## Data entries:
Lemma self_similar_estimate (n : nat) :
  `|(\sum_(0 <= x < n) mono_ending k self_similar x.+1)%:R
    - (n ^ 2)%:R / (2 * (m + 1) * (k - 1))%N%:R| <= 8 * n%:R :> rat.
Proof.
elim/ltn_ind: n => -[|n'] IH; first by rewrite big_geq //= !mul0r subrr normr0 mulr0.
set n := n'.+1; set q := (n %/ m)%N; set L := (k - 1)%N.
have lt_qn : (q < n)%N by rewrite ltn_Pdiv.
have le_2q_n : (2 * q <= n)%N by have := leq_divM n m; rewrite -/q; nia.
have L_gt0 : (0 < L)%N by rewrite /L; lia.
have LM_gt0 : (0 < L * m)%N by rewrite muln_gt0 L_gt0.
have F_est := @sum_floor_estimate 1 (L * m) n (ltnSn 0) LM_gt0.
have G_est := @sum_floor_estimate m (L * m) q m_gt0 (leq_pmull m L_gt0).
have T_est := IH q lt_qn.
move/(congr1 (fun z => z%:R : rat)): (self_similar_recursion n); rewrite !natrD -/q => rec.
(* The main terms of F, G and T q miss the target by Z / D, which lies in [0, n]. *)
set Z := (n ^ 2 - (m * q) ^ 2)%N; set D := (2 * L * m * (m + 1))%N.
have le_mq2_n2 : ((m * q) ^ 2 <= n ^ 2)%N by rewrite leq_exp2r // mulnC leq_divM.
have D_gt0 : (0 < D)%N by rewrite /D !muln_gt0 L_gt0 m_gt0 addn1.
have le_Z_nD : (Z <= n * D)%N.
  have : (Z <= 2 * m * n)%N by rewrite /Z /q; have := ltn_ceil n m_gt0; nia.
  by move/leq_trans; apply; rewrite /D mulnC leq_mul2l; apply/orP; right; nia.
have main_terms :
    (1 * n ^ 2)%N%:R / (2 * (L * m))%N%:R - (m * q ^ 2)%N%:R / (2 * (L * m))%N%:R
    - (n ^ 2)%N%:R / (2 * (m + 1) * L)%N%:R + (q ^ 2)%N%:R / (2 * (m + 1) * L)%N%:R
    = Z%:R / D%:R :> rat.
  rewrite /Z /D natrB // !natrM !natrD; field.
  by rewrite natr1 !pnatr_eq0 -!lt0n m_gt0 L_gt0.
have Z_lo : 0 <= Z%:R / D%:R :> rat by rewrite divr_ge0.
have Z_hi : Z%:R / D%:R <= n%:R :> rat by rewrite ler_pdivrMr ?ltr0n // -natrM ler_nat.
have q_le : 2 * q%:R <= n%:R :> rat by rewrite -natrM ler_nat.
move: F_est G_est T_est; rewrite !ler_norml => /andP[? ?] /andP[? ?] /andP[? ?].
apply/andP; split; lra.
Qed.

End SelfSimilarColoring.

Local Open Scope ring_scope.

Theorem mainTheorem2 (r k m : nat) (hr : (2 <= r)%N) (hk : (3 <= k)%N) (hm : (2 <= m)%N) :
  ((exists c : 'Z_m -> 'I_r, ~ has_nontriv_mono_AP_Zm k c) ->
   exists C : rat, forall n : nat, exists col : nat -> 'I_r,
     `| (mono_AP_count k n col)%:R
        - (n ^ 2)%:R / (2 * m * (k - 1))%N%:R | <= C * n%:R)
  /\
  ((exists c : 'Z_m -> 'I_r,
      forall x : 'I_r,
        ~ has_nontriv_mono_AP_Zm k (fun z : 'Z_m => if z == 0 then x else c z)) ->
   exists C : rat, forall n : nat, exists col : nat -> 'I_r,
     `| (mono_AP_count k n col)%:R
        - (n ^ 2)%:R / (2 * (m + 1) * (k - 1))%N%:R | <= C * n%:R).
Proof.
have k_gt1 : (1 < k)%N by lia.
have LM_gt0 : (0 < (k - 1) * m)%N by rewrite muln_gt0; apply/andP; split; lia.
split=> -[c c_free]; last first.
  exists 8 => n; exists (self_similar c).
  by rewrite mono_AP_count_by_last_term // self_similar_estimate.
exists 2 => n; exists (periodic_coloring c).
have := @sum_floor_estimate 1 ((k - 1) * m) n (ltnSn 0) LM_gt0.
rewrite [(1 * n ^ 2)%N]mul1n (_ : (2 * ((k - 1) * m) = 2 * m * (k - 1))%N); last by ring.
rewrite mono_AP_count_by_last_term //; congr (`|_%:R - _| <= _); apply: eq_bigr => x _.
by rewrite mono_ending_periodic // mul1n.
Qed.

## Goal of the exercise:
Read through the lines above and collect those that contain the string "first".

## Task result:
elim/ltn_ind: n => -[|n'] IH; first by rewrite big_geq //= !mul0r subrr normr0 mulr0.
split=> -[c c_free]; last first.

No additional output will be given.